YOUR ASSIGNMENT —
In the entries below, every line with the string "Variables" is to be reported.

(Collected data entries)
Lemma qform_restr_eigen A :
  qform M (restr A v) = mu * \sum_i restr A v i ^+ 2
                       - \sum_i \sum_j restr A v i * M i j * restr (~: A) v j.
Proof.
rewrite qformE mulr_sumr -sumrB; apply: eq_bigr => i _.
have -> : \sum_j M i j * restr A v j =
          mu * v i - \sum_j M i j * restr (~: A) v j.
  by rewrite -Mv -sumrB; apply: eq_bigr => j _; rewrite -(restr_setC A v j); ring.
rewrite mulrBr mulr_sumr; congr (_ - _); last first.
  by apply: eq_bigr => j _; rewrite mulrA.
by rewrite /restr; case: (i \in A); ring.
Qed.

End Forms.

Lemma psd_qform (R : realType) m (A : 'M[R]_m) (y : 'I_m -> R) :
  psd A -> 0 <= qform A y.
Proof.
move=> [_ /(_ (\col_a y a))].
suff -> : ((\col_a y a)^T *m A *m \col_a y a) ord0 ord0 = qform A y by [].
rewrite !mxE /qform exchange_big; apply: eq_bigr => b _.
by rewrite !mxE mulr_suml; apply: eq_bigr => a _; rewrite !mxE.
Qed.

Lemma restr_sqr_le (R : realDomainType) n (A : {set 'I_n}) (v : 'I_n -> R) i :
  restr A v i ^+ 2 <= v i ^+ 2.
Proof. by rewrite /restr; case: ifP; rewrite ?expr0n ?sqr_ge0. Qed.

Lemma sum_restr_cross_le (R : realFieldType) n (M : 'M[R]_n) (A : {set 'I_n})
    (v : 'I_n -> R) :
  \sum_i \sum_j M i j ^+ 2 <= 1 -> 0 < \sum_i v i ^+ 2 ->
  \sum_i \sum_j restr A v i * M i j * restr (~: A) v j <= \sum_i v i ^+ 2.
Proof.
move=> M2 V_gt0; rewrite pair_bigA /=.
under eq_bigr do rewrite mulrAC.
apply: sum_mul_le_of_sqr => //; last by rewrite -(pair_bigA _ (fun i j => M i j ^+ 2)).
rewrite -(pair_bigA _ (fun i j => (restr A v i * restr (~: A) v j) ^+ 2)) /=.
rewrite expr2 mulr_suml; apply: ler_sum => i _; rewrite mulr_sumr; apply: ler_sum => j _.
rewrite exprMn; apply: ler_pM; rewrite ?sqr_ge0 ?restr_sqr_le //.
Qed.

Section HeavyCoordinates.
Variables (R : realFieldType) (n : nat) (v : 'I_n -> R) (c : R).
Local Notation V := (\sum_i v i ^+ 2).

Definition heavy : {set 'I_n} := [set i | c * V < n%:R * v i ^+ 2].

Lemma card_heavy_le : 0 < V -> c * #|heavy|%:R <= n%:R.
Proof.
move=> V_gt0; rewrite -(ler_pM2r V_gt0).
apply: (@le_trans _ _ (\sum_(i in heavy) n%:R * v i ^+ 2)).
  by rewrite mulrAC mulr_natr -sumr_const; apply: ler_sum => i; rewrite inE => /ltW.
rewrite mulr_sumr [leRHS](bigID (mem heavy)) lerDl /=.
by apply: sumr_ge0 => i _; rewrite mulr_ge0 ?sqr_ge0.
Qed.

Lemma sum_light_diag_le (a : 'I_n -> R) : 0 <= c ->
  n%:R * \sum_i a i * restr (~: heavy) v i ^+ 2 <= c * V * \sum_i `|a i|.
Proof.
move=> c_ge0; have V_ge0 : 0 <= V by apply: sumr_ge0 => i _; apply: sqr_ge0.
rewrite mulr_sumr [leRHS]mulr_sumr; apply: ler_sum => i _; rewrite /restr !inE.
case: ifP => [|_]; last by rewrite expr0n mulr0 mulr0 mulr_ge0 ?mulr_ge0.
rewrite -leNgt => light.
have h1 : 0 <= (`|a i| - a i) * (n%:R * v i ^+ 2).
  apply: mulr_ge0; first by rewrite subr_ge0; exact: ler_norm.
  by rewrite mulr_ge0 ?ler0n ?sqr_ge0.
have h2 : `|a i| * (n%:R * v i ^+ 2) <= `|a i| * (c * V) by rewrite ler_wpM2l.
nra.
Qed.

End HeavyCoordinates.

Section CoveringInjections.
Variables (R : comPzRingType) (n k : nat) (H : {set 'I_n}).
Implicit Types (f : {ffun 'I_k -> 'I_n}) (i j p q : 'I_n).

Definition covering_inj : {set {ffun 'I_k -> 'I_n}} :=
  [set f : {ffun 'I_k -> 'I_n} | injectiveb f && (H \subset codom f)].

Definition incl f i : R := (i \in codom f)%:R.

Definition cnt0 : R := #|covering_inj|%:R.
Definition cnt1 i : R := \sum_(f in covering_inj) incl f i.
Definition cnt2 i j : R := \sum_(f in covering_inj) incl f i * incl f j.

Lemma covering_injP f :
  reflect (injective f /\ {subset H <= codom f}) (f \in covering_inj).
Proof.
by rewrite inE; apply: (iffP andP) => -[injf sH]; split;
  [apply/injectiveP | apply/subsetP | apply/injectiveP | apply/subsetP].
Qed.

Lemma natr_cardsC : #|~: H|%:R = n%:R - #|H|%:R :> R.
Proof. by apply/eqP; rewrite eq_sym subr_eq -natrD addnC cardsC card_ord. Qed.

Lemma incl_idem f i : incl f i * incl f i = incl f i.
Proof. by rewrite /incl; case: (i \in codom f); rewrite ?mulr1 ?mulr0. Qed.

Lemma incl_cov f i : f \in covering_inj -> i \in H -> incl f i = 1.
Proof. by case/covering_injP => _ sH /sH; rewrite /incl => ->. Qed.

Lemma sum_inj_comp f (G : 'I_n -> R) :
  injective f -> \sum_a G (f a) = \sum_i incl f i * G i.
Proof.
move=> /injectiveP injf; rewrite -big_image -/(codom f) big_uniq //.
by rewrite big_mkcond; apply: eq_bigr => i _; rewrite mulr_natl mulrb.
Qed.

Lemma sum_incl_setC f :
  f \in covering_inj -> \sum_(j in ~: H) incl f j = k%:R - #|H|%:R.
Proof.
move=> fcov; have /covering_injP[injf _] := fcov.
have := sum_inj_comp (fun _ => 1) injf; rewrite sumr_const card_ord.
under eq_bigr do rewrite mulr1.
rewrite (bigID (mem H)) /= (eq_bigr (fun _ => 1) (fun j => incl_cov fcov)).
rewrite sumr_const => ->; rewrite [RHS]addrC addKr.
by apply: eq_bigl => j; rewrite inE.
Qed.

(* Transpositions of two points outside H permute covering_inj, so cnt1 is
   constant outside H and cnt2 i is constant outside H and i; double counting
   then determines both. *)
Definition relabel p q f : {ffun 'I_k -> 'I_n} := [ffun a => tperm p q (f a)].

Lemma relabelK p q : involutive (relabel p q).
Proof. by move=> f; apply/ffunP => a; rewrite !ffunE tpermK. Qed.

Lemma relabel_cov p q f : p \notin H -> q \notin H ->
  f \in covering_inj -> relabel p q f \in covering_inj.
Proof.
move=> pH qH /covering_injP[injf sH]; apply/covering_injP; split.
  by move=> a b; rewrite !ffunE => /perm_inj /injf.
move=> i iH; have /codomP[a ia] := sH i iH; apply/codomP; exists a.
by rewrite ffunE -ia tpermD //; [apply: contraNneq pH | apply: contraNneq qH] => ->.
Qed.

Lemma incl_relabel p q f i :
  incl (relabel p q f) i = incl f (tperm p q i).
Proof.
congr ((nat_of_bool _)%:R); apply/codomP/codomP => -[a ia]; exists a.
  by rewrite ia ffunE tpermK.
by rewrite ffunE -ia tpermK.
Qed.

Lemma sum_cov_relabel (G : {ffun 'I_k -> 'I_n} -> R) p q :
  p \notin H -> q \notin H ->
  \sum_(f in covering_inj) G f = \sum_(f in covering_inj) G (relabel p q f).
Proof.
move=> pH qH; rewrite (reindex_inj (inv_inj (relabelK p q))).
apply: eq_bigl => f; apply/idP/idP => fcov; last exact: relabel_cov.
by rewrite -[f](relabelK p q) relabel_cov.
Qed.

Lemma cnt1_sym p q : p \notin H -> q \notin H -> cnt1 p = cnt1 q.
Proof.
move=> pH qH; rewrite /cnt1 (sum_cov_relabel _ pH qH).
by apply: eq_bigr => f _; rewrite incl_relabel tpermL.
Qed.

RESULT OF THIS TASK —
Variables (R : realFieldType) (n : nat) (v : 'I_n -> R) (c : R).
Variables (R : comPzRingType) (n k : nat) (H : {set 'I_n}).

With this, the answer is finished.